**Work to be completed:** All lines containing the string "negPf" must be copied from the entries.
*** Records for the task
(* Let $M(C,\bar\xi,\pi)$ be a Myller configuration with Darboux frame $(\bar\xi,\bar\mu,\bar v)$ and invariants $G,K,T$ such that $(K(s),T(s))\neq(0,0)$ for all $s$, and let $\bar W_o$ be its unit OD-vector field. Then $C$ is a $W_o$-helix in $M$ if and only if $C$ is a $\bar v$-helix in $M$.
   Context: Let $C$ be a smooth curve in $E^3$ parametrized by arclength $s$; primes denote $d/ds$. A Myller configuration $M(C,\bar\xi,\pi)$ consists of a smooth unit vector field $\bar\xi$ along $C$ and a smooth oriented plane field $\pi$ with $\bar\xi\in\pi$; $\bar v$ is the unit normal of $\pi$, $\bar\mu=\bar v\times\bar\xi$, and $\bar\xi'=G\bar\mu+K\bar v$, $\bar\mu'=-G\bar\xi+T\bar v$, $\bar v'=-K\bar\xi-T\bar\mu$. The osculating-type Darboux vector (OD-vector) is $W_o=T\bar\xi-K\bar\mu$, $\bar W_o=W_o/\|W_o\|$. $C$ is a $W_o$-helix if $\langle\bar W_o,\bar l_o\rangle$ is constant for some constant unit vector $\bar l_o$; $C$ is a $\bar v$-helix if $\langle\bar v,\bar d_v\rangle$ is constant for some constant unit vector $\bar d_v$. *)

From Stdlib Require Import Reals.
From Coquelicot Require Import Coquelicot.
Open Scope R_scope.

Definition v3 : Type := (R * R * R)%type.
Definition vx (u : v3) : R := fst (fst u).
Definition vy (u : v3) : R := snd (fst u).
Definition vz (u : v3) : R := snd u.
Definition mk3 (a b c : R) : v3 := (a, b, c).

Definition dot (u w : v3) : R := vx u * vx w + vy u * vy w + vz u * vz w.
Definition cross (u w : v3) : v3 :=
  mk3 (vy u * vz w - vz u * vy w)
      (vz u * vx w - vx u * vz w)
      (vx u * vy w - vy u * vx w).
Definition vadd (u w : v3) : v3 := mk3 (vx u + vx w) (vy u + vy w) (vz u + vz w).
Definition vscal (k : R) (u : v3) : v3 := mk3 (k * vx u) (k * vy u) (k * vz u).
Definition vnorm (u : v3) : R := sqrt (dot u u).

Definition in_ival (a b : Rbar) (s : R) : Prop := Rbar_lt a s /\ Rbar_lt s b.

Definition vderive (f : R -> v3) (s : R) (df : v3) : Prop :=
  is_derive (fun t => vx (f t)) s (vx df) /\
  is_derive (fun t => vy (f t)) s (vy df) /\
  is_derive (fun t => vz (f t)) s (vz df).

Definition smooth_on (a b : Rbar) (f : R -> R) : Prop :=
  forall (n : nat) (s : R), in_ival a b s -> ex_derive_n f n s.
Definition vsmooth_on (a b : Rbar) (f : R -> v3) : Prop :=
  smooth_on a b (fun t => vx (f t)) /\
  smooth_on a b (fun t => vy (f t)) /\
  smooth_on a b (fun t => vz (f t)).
******
*** Records for the task
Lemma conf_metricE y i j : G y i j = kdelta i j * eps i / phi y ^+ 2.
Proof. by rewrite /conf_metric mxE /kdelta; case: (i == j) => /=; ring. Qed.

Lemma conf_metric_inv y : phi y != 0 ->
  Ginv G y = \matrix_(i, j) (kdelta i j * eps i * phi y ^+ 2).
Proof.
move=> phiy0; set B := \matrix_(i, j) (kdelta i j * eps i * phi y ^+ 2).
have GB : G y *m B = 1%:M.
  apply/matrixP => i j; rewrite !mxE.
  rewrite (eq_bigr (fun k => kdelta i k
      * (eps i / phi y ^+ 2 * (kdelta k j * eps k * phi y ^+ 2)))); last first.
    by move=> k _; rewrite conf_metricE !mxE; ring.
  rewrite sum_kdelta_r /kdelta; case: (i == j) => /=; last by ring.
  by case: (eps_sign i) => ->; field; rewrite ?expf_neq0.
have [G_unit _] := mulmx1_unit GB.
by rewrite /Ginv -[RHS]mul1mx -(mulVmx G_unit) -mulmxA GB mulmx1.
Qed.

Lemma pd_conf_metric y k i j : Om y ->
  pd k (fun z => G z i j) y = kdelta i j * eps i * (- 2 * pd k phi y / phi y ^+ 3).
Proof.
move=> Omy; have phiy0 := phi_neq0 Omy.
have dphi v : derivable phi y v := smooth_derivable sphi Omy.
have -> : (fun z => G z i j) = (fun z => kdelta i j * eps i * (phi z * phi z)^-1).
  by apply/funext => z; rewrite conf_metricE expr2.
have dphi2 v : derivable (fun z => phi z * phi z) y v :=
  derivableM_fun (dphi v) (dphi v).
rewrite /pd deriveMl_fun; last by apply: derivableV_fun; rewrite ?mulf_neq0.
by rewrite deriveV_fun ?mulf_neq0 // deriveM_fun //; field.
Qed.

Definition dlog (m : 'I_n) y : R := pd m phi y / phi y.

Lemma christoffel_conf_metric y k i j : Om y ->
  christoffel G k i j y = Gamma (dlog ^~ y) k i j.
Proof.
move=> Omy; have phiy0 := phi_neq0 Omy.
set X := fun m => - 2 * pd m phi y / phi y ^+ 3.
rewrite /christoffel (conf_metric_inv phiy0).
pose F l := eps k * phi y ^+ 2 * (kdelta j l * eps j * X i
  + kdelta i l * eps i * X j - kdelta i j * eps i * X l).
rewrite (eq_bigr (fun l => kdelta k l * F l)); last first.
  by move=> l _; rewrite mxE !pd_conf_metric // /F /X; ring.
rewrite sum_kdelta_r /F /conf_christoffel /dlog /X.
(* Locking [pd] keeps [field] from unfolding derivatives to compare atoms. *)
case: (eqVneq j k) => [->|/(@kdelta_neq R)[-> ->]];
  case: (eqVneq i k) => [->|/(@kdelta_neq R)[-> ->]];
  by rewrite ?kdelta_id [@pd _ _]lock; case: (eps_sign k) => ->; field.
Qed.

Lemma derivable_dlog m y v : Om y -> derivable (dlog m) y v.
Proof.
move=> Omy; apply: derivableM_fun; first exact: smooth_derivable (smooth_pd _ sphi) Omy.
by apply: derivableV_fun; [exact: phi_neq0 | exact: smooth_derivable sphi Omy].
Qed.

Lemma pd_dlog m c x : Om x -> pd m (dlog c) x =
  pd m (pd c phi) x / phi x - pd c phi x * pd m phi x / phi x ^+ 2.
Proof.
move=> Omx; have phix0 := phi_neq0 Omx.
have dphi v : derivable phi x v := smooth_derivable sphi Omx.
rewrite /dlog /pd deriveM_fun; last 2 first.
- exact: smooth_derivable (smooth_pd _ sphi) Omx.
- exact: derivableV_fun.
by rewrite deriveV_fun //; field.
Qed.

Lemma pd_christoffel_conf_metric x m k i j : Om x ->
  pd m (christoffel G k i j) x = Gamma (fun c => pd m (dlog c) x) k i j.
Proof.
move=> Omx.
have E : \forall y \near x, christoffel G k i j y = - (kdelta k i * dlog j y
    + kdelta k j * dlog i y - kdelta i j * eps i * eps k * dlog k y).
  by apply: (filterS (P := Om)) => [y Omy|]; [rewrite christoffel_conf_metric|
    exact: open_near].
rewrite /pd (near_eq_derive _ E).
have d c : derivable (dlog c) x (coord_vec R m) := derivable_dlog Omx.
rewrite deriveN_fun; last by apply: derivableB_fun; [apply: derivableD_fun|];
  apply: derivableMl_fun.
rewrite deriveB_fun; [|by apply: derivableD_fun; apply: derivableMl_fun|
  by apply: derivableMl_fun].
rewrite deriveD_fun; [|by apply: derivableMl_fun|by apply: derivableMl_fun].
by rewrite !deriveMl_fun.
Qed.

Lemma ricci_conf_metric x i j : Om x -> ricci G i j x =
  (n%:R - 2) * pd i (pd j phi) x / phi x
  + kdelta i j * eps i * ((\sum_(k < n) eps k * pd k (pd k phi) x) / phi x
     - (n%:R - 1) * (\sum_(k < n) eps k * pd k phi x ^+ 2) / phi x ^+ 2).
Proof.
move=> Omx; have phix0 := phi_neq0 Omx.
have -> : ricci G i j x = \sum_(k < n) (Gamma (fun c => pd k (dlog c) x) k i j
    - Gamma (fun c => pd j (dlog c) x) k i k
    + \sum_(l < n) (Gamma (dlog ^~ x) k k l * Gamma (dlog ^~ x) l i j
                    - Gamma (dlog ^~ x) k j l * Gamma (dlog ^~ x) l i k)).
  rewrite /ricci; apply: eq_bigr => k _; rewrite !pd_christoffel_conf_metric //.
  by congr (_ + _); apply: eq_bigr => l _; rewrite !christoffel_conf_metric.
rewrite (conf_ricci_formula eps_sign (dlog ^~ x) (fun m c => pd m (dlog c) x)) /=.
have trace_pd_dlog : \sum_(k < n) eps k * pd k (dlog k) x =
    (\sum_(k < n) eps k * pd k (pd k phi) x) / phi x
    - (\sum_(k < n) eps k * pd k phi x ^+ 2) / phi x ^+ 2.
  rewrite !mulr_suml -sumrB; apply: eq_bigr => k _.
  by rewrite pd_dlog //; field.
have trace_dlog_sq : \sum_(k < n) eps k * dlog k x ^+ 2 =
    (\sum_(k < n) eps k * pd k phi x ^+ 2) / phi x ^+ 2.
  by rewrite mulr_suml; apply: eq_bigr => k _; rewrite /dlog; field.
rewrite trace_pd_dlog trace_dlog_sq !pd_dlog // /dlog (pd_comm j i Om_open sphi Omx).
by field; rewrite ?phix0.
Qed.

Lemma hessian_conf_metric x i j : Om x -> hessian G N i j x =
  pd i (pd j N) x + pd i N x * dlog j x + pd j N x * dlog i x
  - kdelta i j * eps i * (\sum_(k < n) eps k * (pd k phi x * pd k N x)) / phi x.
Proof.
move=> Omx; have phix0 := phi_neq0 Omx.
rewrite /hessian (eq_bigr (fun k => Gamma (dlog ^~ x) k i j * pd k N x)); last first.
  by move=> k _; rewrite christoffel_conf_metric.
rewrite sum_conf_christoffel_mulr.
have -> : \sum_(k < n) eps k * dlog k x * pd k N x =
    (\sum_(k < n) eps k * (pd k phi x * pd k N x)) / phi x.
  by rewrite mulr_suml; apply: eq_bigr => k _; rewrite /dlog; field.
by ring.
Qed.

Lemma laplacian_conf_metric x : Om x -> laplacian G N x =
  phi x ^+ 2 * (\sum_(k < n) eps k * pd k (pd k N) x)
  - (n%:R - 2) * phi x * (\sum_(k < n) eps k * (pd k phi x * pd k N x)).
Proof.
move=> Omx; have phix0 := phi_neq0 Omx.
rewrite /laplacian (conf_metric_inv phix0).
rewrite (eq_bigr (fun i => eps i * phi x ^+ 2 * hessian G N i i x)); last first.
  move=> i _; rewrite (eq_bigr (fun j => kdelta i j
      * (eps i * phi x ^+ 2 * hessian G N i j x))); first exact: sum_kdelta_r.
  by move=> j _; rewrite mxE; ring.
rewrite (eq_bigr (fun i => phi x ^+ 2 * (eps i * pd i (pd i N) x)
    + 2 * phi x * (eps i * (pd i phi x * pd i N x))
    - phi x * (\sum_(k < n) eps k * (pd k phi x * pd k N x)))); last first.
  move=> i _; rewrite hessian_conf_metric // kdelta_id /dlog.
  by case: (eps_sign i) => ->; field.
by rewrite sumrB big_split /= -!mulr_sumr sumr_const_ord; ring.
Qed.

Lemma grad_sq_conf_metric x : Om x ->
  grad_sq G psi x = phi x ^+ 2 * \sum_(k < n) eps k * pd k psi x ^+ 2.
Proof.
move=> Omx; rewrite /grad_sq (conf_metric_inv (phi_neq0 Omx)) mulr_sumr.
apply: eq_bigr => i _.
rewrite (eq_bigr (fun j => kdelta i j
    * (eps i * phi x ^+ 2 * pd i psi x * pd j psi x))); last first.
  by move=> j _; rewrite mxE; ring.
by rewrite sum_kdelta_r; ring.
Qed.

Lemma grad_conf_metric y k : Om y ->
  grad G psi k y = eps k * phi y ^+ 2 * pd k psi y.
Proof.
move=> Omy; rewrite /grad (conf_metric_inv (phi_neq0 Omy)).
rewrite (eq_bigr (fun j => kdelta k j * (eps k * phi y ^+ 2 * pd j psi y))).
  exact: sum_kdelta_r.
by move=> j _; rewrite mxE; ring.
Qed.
******
*** Records for the task
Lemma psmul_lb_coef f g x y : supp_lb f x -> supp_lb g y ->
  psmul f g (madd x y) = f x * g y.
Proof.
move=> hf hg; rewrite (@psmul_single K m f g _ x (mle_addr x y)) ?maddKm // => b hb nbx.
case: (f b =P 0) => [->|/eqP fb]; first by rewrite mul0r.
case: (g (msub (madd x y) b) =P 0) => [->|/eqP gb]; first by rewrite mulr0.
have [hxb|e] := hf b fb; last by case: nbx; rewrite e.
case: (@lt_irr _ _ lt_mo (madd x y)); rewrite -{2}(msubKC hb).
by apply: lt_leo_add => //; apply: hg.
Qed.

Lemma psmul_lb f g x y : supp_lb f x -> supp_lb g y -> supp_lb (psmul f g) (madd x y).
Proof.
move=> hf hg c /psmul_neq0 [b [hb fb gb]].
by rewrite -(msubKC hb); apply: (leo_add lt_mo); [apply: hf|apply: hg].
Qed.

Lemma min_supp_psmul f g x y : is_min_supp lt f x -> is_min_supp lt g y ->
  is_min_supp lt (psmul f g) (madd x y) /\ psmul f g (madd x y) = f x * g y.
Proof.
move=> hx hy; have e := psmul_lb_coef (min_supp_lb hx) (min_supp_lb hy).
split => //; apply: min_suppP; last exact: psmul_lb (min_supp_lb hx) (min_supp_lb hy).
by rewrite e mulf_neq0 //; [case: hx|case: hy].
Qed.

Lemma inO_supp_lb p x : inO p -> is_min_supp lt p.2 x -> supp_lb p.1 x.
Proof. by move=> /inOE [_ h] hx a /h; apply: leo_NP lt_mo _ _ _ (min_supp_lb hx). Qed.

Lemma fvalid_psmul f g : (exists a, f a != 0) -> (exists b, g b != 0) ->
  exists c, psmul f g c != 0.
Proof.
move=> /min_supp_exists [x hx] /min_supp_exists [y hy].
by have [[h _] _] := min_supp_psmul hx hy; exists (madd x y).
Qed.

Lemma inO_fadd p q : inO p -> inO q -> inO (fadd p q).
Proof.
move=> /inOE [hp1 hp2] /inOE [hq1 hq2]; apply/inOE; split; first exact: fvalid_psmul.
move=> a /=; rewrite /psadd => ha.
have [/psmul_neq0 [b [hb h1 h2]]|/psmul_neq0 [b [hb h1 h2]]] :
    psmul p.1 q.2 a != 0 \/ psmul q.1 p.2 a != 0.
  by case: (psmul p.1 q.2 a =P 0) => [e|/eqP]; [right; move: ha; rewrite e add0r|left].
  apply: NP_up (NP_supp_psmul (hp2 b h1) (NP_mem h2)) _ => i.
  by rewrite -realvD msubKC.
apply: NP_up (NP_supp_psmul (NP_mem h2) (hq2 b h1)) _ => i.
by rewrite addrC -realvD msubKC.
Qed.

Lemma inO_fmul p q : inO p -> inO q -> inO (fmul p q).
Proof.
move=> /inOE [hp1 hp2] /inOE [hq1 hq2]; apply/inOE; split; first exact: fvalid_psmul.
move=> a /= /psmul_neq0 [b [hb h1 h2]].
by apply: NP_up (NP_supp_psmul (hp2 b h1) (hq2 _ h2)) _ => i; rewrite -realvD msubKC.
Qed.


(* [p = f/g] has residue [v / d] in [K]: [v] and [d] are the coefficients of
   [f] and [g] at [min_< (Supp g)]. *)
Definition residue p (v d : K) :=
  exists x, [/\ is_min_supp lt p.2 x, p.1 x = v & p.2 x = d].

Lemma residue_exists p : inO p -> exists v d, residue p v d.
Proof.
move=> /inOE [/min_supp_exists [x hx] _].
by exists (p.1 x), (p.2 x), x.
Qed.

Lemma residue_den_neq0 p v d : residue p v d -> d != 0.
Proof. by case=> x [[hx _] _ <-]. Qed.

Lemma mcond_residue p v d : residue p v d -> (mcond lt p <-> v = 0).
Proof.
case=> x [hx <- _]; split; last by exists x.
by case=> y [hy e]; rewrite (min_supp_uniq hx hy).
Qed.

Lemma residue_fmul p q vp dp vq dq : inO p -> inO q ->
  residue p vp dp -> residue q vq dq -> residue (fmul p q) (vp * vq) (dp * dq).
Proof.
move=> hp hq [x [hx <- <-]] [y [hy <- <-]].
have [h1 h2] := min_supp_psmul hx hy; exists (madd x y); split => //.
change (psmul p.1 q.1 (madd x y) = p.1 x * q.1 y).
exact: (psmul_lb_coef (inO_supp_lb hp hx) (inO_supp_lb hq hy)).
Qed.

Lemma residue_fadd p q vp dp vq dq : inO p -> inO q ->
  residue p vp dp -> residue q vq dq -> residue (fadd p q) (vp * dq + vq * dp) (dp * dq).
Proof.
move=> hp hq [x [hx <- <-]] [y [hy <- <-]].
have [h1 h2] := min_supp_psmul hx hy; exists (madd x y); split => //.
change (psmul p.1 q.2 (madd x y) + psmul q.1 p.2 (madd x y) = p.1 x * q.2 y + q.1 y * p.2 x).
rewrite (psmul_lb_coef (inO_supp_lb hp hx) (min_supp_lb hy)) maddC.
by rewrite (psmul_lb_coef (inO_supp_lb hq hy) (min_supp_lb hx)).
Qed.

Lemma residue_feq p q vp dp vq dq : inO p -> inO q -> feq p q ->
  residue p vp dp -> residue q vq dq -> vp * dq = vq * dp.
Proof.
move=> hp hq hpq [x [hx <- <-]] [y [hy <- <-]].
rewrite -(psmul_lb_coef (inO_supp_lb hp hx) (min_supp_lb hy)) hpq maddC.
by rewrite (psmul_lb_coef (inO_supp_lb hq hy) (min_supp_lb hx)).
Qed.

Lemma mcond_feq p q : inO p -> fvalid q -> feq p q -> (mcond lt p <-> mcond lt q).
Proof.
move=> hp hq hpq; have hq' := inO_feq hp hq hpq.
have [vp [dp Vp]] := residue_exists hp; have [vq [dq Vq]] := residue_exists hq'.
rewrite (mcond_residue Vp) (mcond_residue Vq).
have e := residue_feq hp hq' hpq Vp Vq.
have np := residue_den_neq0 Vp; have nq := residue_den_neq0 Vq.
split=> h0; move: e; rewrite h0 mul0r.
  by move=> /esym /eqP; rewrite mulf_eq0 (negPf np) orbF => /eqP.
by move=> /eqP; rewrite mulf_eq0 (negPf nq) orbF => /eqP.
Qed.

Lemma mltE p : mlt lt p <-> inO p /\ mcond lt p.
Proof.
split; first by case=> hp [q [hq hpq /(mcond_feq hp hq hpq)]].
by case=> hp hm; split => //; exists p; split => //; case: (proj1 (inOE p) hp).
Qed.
******
**Task response:**
  by move=> /esym /eqP; rewrite mulf_eq0 (negPf np) orbF => /eqP.
by move=> /eqP; rewrite mulf_eq0 (negPf nq) orbF => /eqP.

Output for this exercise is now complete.